TASK INPUTS –
= Beginning of Section =
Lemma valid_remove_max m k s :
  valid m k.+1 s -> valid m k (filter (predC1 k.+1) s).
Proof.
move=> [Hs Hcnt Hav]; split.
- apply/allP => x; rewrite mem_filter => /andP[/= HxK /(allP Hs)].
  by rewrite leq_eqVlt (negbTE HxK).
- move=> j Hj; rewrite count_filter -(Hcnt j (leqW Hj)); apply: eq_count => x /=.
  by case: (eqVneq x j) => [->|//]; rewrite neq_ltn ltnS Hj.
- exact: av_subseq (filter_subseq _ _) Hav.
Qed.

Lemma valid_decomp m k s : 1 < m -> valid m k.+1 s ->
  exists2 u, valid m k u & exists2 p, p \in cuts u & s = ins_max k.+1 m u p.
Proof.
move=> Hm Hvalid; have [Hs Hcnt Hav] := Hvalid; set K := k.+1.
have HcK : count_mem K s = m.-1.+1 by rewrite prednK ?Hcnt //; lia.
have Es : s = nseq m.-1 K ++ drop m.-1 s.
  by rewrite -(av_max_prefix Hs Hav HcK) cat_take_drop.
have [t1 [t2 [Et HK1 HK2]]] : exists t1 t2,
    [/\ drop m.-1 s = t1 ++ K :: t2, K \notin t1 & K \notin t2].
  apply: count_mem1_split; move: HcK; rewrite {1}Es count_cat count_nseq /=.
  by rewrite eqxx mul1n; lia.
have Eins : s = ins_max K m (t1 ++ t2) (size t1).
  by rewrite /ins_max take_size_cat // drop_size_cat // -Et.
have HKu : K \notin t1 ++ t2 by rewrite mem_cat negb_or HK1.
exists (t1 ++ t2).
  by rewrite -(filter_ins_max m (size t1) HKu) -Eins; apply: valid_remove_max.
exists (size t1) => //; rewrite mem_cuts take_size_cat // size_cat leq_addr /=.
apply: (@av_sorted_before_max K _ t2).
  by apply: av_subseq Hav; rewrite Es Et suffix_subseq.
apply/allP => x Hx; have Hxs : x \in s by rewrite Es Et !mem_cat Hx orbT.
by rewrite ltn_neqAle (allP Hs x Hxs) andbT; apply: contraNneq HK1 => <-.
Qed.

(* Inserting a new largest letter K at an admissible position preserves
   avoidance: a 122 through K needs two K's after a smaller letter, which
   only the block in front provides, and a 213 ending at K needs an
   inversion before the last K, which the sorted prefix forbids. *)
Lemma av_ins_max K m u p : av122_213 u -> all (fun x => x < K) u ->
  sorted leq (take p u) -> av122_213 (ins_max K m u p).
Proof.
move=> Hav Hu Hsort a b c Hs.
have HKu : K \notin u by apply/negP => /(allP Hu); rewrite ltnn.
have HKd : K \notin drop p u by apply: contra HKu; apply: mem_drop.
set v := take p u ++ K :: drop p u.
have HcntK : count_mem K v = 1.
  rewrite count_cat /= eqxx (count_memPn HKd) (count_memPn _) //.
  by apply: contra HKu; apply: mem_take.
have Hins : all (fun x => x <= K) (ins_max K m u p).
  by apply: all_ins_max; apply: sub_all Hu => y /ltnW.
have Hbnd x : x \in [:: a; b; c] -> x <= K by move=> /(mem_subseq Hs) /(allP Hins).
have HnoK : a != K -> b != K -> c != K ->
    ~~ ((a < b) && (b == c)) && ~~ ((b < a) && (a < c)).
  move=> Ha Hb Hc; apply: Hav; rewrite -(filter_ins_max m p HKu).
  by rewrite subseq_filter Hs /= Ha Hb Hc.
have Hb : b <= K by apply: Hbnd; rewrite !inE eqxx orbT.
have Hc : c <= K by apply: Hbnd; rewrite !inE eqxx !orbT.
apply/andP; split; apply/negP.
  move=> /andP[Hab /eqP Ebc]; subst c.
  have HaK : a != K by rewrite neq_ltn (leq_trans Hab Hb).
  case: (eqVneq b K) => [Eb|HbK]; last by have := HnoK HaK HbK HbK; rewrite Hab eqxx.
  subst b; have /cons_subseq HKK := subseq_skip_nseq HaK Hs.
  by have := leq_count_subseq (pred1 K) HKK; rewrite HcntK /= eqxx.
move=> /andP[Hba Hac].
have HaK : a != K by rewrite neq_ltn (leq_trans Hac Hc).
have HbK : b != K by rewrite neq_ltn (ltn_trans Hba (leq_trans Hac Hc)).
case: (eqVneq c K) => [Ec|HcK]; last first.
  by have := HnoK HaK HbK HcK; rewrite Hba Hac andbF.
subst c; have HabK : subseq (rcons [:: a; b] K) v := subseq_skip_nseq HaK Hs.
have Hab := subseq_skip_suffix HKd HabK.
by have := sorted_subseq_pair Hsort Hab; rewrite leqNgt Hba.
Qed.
= End of Section =
REQUIREMENT –
Search the entries above for the word "HnoK" and copy each line where it appears.

SOLUTION TO THIS EXERCISE –
have HnoK : a != K -> b != K -> c != K ->
  case: (eqVneq b K) => [Eb|HbK]; last by have := HnoK HaK HbK HbK; rewrite Hab eqxx.
  by have := HnoK HaK HbK HcK; rewrite Hba Hac andbF.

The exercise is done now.